ReversibleEmbedding class


An embedding layer which can project backwards to the input dim.

This layer is an extension of keras.layers.Embedding for language models. This layer can be called "in reverse" with reverse=True, in which case the layer will linearly project from output_dim back to input_dim.

By default, the reverse projection will use the transpose of the embeddings weights to project to input_dim (weights are "tied"). If tie_weights=False, the model will use a separate, trainable variable for reverse projection.

This layer has no bias terms.


  • input_dim: Integer. Size of the vocabulary, i.e. maximum integer index + 1.
  • output_dim: Integer.
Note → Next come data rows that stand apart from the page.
Lemma to_bool_ext P Q : (P <-> Q) -> to_bool P = to_bool Q.
Proof.
  intros HPQ. unfold to_bool.
  destruct (excluded_middle_informative P), (excluded_middle_informative Q); tauto.
Qed.

Lemma fa_prob_comap (A B : Type) (f : A -> B) (mu : (A -> Prop) -> R) :
  fa_prob mu -> fa_prob (fun P : B -> Prop => mu (fun x => P (f x))).
Proof.
  intros [Hpos [Htot Hadd]]. split; [|split]; [intros P; apply Hpos|exact Htot|].
  intros P Q HPQ. apply Hadd. intros x. apply HPQ.
Qed.

Lemma fa_prob_avg (A : Type) (mu nu : (A -> Prop) -> R) :
  fa_prob mu -> fa_prob nu -> fa_prob (fun P => / 2 * mu P + / 2 * nu P).
Proof.
  intros [Hpos [Htot Hadd]] [Hpos' [Htot' Hadd']]. split; [|split].
  - intros P. specialize (Hpos P). specialize (Hpos' P). lra.
  - rewrite Htot, Htot'. lra.
  - intros P Q HPQ. rewrite (Hadd P Q HPQ), (Hadd' P Q HPQ). lra.
Qed.

Record ultrafilter (A : Type) := {
  uf_mem :> (A -> Prop) -> Prop;
  uf_and : forall P Q, uf_mem P -> uf_mem Q -> uf_mem (fun x => P x /\ Q x);
  uf_mono : forall P Q : A -> Prop, (forall x, P x -> Q x) -> uf_mem P -> uf_mem Q;
  uf_proper : ~ uf_mem (fun _ => False);
  uf_ultra : forall P, uf_mem P \/ uf_mem (fun x => ~ P x) }.

Arguments uf_and {A} u {P Q}.
Arguments uf_mono {A} u {P Q}.
Arguments uf_proper {A} u.
Arguments uf_ultra {A} u P.

Section UltrafilterMass.
Variables (A : Type) (U : ultrafilter A).

Definition uf_mass (P : A -> Prop) : R := if excluded_middle_informative (U P) then 1 else 0.

Lemma uf_full : U (fun _ => True).
Proof.
  destruct (uf_ultra U (fun _ => False)) as [H|H]; [destruct (uf_proper U H)|].
  apply (uf_mono U (P := fun _ => ~ False)); auto.
Qed.

Lemma uf_disjoint P Q : (forall x, P x -> Q x -> False) -> U P -> ~ U Q.
Proof.
  intros HPQ HP HQ. apply (uf_proper U).
  apply (uf_mono U (P := fun x => P x /\ Q x)); [intros x [HPx HQx]; exact (HPQ x HPx HQx)|exact (uf_and U HP HQ)].
Qed.

Lemma uf_compl P : U (fun x => ~ P x) <-> ~ U P.
Proof.
  split; [|intros HnP; destruct (uf_ultra U P); tauto].
  intros HnP HP. exact (uf_disjoint (Q := fun x => ~ P x) (fun x Hx Hnx => Hnx Hx) HP HnP).
Qed.

Lemma uf_or P Q : U (fun x => P x \/ Q x) <-> U P \/ U Q.
Proof.
  split.
  - intros HPQ. apply NNPP. intros Hn. apply (uf_proper U).
    apply (uf_mono U (P := fun x => (P x \/ Q x) /\ (~ P x /\ ~ Q x))); [tauto|].
    apply (uf_and U HPQ), (uf_and U); apply uf_compl; tauto.
  - intros [HP|HQ]; [apply (uf_mono U (P := P))|apply (uf_mono U (P := Q))]; auto.
Qed.

Lemma uf_mem_congr Q P1 P2 : U Q -> (forall x, Q x -> (P1 x <-> P2 x)) -> U P1 -> U P2.
Proof.
  intros HQ H HP1. apply (uf_mono U (P := fun x => P1 x /\ Q x)); [|exact (uf_and U HP1 HQ)].
  intros x [Hx HQx]. now apply (H x HQx).
Qed.

Lemma uf_mass_all P : (forall x, P x) -> uf_mass P = 1.
Proof.
  intros HP. unfold uf_mass.
  destruct (excluded_middle_informative (U P)) as [_|HnP]; [reflexivity|].
  destruct HnP. exact (uf_mono U (fun x _ => HP x) uf_full).
Qed.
Dimension of the dense embedding.
  • tie_weights: Boolean, whether or not the matrix for embedding and the matrix for the reverse projection should share the same weights.
  • embeddings_initializer: Initializer for the embeddings matrix (see keras.initializers).
  • embeddings_regularizer: Regularizer function applied to the embeddings matrix (see keras.regularizers).
  • embeddings_constraint: Constraint function applied to the embeddings matrix (see keras.constraints).
  • mask_zero: Boolean, whether or not the input value 0 is a special "padding" value that should be masked out.
  • reverse_dtype: The dtype for the reverse projection computation. For stability, it is usually best to use full precision even when working with half or mixed precision training.
  • **kwargs: other keyword arguments passed to keras.layers.Embedding, including name, trainable, dtype etc.

Call arguments

  • inputs: The tensor inputs to the layer.
  • reverse: Boolean. If True the layer will perform a linear projection from output_dim to input_dim, instead of a normal embedding call. Default to False.


batch_size = 16
vocab_size = 100
hidden_dim = 32
seq_length = 50

# Generate random inputs.
token_ids = np.random.randint(vocab_size, size=(batch_size, seq_length))

embedding = keras_nlp.layers.ReversibleEmbedding(vocab_size, hidden_dim)
# Embed tokens to shape `(batch_size, seq_length, hidden_dim)`.
hidden_states = embedding(token_ids)
# Project hidden states to shape `(batch_size, seq_length, vocab_size)`.
logits = embedding(hidden_states, reverse=True)